=== Data to examine ===

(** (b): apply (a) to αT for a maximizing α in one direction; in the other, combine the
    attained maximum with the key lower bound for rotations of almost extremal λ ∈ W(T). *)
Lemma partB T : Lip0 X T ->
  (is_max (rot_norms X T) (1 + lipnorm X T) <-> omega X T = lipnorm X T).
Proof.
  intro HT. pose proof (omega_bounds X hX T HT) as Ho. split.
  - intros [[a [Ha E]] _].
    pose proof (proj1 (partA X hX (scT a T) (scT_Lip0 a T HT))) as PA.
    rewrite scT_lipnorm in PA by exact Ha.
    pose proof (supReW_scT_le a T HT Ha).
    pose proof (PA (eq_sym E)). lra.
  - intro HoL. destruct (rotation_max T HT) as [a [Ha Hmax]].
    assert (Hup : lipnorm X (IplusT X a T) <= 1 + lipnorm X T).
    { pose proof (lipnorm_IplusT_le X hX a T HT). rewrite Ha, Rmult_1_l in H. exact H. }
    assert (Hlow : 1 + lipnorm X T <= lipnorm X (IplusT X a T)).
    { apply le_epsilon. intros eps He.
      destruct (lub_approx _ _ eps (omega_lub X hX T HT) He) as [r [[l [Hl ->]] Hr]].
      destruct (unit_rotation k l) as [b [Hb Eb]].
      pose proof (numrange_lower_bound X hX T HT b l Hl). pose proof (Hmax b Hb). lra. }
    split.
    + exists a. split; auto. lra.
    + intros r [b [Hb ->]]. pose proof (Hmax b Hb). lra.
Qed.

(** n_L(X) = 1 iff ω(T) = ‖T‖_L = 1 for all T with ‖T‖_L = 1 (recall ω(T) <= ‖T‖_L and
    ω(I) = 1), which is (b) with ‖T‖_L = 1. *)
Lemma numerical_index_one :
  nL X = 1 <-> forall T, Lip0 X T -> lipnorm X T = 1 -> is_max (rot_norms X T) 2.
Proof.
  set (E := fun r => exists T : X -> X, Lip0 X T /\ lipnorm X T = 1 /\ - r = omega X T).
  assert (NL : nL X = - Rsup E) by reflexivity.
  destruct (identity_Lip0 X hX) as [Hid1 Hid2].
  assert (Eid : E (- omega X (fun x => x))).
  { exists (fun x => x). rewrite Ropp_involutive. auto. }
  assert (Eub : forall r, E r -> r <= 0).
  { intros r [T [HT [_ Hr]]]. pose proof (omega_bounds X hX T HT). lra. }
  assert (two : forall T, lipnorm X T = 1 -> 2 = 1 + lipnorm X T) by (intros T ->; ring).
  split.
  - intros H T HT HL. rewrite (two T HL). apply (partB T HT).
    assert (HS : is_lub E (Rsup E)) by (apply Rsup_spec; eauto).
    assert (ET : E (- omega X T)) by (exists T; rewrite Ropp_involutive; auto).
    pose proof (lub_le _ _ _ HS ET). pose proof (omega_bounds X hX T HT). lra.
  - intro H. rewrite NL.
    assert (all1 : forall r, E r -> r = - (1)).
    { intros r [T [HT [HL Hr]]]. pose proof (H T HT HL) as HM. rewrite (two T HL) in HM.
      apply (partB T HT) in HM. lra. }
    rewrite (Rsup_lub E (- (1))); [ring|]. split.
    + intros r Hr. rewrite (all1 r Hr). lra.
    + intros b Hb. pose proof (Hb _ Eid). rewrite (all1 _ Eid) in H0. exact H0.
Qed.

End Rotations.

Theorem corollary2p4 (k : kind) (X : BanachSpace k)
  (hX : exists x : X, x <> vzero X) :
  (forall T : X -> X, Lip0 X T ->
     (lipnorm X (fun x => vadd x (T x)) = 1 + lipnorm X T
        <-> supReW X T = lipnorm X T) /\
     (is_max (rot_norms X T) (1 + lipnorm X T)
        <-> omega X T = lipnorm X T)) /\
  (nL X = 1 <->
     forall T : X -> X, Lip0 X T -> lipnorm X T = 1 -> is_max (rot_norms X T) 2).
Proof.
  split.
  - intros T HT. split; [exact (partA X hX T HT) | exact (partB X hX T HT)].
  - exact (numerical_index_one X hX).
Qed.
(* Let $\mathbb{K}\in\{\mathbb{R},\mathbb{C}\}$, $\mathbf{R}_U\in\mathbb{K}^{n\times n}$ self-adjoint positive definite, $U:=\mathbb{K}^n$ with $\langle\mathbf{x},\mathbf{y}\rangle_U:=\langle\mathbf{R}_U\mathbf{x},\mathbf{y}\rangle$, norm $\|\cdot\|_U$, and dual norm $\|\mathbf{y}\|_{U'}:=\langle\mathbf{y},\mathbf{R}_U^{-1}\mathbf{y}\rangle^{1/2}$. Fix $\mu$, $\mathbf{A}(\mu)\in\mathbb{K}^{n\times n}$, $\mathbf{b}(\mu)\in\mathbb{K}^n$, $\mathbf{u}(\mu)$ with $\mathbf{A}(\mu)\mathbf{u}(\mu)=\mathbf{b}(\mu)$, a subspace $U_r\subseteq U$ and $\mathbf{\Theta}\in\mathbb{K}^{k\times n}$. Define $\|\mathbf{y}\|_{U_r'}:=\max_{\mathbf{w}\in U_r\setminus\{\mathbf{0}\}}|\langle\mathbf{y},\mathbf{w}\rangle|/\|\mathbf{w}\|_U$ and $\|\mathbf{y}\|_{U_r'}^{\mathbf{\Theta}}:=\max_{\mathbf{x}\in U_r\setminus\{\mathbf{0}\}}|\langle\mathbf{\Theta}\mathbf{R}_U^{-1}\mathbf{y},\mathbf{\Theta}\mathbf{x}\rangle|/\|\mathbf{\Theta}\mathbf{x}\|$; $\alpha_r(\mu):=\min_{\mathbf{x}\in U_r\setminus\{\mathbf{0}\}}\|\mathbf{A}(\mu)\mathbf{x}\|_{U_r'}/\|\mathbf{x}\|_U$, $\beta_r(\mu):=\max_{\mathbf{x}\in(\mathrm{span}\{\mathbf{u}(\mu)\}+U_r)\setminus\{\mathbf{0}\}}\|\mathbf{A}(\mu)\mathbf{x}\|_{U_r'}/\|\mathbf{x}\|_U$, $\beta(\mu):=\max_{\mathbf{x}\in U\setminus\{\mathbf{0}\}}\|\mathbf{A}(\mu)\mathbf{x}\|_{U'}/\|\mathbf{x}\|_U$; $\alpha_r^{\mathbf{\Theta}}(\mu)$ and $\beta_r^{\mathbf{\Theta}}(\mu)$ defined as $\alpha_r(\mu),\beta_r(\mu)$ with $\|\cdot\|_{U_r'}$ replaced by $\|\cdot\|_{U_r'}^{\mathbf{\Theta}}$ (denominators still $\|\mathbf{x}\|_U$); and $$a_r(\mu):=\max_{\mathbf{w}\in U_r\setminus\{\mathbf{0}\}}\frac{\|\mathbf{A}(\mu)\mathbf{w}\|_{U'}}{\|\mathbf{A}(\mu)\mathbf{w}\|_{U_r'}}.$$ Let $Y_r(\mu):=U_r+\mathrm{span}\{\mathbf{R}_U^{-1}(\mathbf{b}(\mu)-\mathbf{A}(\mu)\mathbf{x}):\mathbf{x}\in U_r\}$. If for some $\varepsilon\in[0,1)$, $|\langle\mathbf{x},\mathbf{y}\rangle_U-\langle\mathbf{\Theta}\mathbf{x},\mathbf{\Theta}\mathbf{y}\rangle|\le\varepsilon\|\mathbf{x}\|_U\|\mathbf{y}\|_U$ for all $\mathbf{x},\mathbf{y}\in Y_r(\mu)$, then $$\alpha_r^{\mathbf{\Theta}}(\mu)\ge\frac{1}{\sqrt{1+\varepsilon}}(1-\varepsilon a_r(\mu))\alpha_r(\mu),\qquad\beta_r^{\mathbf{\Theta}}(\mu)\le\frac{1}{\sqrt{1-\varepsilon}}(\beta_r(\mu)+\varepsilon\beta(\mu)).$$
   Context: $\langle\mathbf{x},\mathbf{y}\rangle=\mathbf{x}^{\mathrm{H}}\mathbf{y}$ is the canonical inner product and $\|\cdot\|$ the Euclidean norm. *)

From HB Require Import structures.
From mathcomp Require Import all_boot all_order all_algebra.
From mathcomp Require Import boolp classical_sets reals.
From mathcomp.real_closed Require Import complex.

===

The lines to retype run from the start of the entries through the line containing "set (E := fun"; reproduce them exactly and add nothing.

(** (b): apply (a) to αT for a maximizing α in one direction; in the other, combine the
    attained maximum with the key lower bound for rotations of almost extremal λ ∈ W(T). *)
Lemma partB T : Lip0 X T ->
  (is_max (rot_norms X T) (1 + lipnorm X T) <-> omega X T = lipnorm X T).
Proof.
  intro HT. pose proof (omega_bounds X hX T HT) as Ho. split.
  - intros [[a [Ha E]] _].
    pose proof (proj1 (partA X hX (scT a T) (scT_Lip0 a T HT))) as PA.
    rewrite scT_lipnorm in PA by exact Ha.
    pose proof (supReW_scT_le a T HT Ha).
    pose proof (PA (eq_sym E)). lra.
  - intro HoL. destruct (rotation_max T HT) as [a [Ha Hmax]].
    assert (Hup : lipnorm X (IplusT X a T) <= 1 + lipnorm X T).
    { pose proof (lipnorm_IplusT_le X hX a T HT). rewrite Ha, Rmult_1_l in H. exact H. }
    assert (Hlow : 1 + lipnorm X T <= lipnorm X (IplusT X a T)).
    { apply le_epsilon. intros eps He.
      destruct (lub_approx _ _ eps (omega_lub X hX T HT) He) as [r [[l [Hl ->]] Hr]].
      destruct (unit_rotation k l) as [b [Hb Eb]].
      pose proof (numrange_lower_bound X hX T HT b l Hl). pose proof (Hmax b Hb). lra. }
    split.
    + exists a. split; auto. lra.
    + intros r [b [Hb ->]]. pose proof (Hmax b Hb). lra.
Qed.

(** n_L(X) = 1 iff ω(T) = ‖T‖_L = 1 for all T with ‖T‖_L = 1 (recall ω(T) <= ‖T‖_L and
    ω(I) = 1), which is (b) with ‖T‖_L = 1. *)
Lemma numerical_index_one :
  nL X = 1 <-> forall T, Lip0 X T -> lipnorm X T = 1 -> is_max (rot_norms X T) 2.
Proof.
  set (E := fun r => exists T : X -> X, Lip0 X T /\ lipnorm X T = 1 /\ - r = omega X T).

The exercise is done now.